* _RECORDS FOR THE TASK_:
>>>

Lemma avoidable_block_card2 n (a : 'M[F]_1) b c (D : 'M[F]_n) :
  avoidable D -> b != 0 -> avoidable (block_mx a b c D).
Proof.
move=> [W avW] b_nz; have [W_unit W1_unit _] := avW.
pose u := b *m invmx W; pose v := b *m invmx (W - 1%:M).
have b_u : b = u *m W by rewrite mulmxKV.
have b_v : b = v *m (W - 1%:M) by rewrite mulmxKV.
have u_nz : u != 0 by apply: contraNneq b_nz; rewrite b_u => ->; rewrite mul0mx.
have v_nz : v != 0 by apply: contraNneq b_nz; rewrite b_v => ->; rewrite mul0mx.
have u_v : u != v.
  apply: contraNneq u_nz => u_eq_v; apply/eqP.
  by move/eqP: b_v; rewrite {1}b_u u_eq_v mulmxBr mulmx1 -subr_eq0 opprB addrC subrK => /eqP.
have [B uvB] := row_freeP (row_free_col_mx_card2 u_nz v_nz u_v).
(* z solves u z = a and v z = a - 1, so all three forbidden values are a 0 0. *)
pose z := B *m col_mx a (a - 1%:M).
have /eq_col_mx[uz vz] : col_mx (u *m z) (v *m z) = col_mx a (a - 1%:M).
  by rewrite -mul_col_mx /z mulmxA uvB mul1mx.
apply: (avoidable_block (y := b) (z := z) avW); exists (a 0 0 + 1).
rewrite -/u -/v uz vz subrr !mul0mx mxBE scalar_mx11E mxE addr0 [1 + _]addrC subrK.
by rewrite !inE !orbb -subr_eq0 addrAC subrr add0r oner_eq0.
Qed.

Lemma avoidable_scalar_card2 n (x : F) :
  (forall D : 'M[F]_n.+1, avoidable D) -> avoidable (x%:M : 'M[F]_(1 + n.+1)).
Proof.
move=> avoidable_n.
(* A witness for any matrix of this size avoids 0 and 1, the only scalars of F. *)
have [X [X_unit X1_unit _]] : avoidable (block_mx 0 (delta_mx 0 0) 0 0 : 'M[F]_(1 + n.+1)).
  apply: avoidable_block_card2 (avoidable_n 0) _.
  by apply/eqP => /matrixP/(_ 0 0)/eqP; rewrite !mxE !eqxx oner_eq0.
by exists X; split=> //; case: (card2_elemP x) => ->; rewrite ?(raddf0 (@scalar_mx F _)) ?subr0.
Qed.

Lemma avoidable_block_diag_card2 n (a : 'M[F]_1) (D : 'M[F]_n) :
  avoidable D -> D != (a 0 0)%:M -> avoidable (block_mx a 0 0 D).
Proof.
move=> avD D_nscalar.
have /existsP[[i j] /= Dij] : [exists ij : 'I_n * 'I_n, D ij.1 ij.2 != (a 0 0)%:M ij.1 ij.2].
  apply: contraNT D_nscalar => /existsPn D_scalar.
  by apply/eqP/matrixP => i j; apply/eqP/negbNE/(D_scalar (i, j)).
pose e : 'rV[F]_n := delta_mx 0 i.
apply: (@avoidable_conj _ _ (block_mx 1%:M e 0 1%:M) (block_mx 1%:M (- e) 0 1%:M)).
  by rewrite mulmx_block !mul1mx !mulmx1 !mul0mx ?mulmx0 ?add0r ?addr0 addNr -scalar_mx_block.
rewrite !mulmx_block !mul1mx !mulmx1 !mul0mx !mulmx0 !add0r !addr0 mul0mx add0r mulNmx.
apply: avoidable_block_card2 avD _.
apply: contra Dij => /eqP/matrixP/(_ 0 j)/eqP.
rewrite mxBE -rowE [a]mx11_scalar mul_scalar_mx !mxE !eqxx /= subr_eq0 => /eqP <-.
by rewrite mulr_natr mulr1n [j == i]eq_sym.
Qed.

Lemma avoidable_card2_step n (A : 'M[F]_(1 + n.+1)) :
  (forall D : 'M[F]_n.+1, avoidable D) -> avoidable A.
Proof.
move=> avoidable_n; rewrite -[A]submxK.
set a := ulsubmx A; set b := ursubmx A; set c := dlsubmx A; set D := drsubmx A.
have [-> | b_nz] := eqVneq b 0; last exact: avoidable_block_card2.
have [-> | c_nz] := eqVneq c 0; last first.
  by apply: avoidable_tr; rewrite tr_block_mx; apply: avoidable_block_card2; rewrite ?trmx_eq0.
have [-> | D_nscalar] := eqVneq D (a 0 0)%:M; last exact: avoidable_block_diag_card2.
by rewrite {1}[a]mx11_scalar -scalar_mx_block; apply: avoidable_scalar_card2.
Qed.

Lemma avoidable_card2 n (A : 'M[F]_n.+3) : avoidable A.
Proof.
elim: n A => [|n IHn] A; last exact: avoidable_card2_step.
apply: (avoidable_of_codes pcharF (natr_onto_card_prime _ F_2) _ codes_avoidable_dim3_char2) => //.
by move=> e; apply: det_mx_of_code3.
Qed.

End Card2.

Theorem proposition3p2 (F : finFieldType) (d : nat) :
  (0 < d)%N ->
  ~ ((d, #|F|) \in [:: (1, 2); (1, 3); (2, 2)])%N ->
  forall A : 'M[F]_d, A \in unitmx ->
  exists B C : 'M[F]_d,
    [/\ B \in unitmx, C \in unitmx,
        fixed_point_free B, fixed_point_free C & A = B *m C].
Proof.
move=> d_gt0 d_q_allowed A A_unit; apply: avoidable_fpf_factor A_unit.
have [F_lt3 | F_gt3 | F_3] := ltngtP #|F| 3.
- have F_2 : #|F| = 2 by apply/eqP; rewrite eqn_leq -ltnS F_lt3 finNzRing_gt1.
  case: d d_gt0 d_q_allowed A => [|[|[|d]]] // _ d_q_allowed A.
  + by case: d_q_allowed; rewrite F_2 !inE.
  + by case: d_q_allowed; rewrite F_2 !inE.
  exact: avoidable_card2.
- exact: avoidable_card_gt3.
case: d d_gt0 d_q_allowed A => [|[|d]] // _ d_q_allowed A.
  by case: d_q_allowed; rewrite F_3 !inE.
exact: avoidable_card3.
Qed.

<<<

* _WHAT IS REQUIRED_:
The word "addrC" may appear in several lines of the data; copy every line where it does.

* _EXERCISE RESULT_:
  by move/eqP: b_v; rewrite {1}b_u u_eq_v mulmxBr mulmx1 -subr_eq0 opprB addrC subrK => /eqP.
rewrite -/u -/v uz vz subrr !mul0mx mxBE scalar_mx11E mxE addr0 [1 + _]addrC subrK.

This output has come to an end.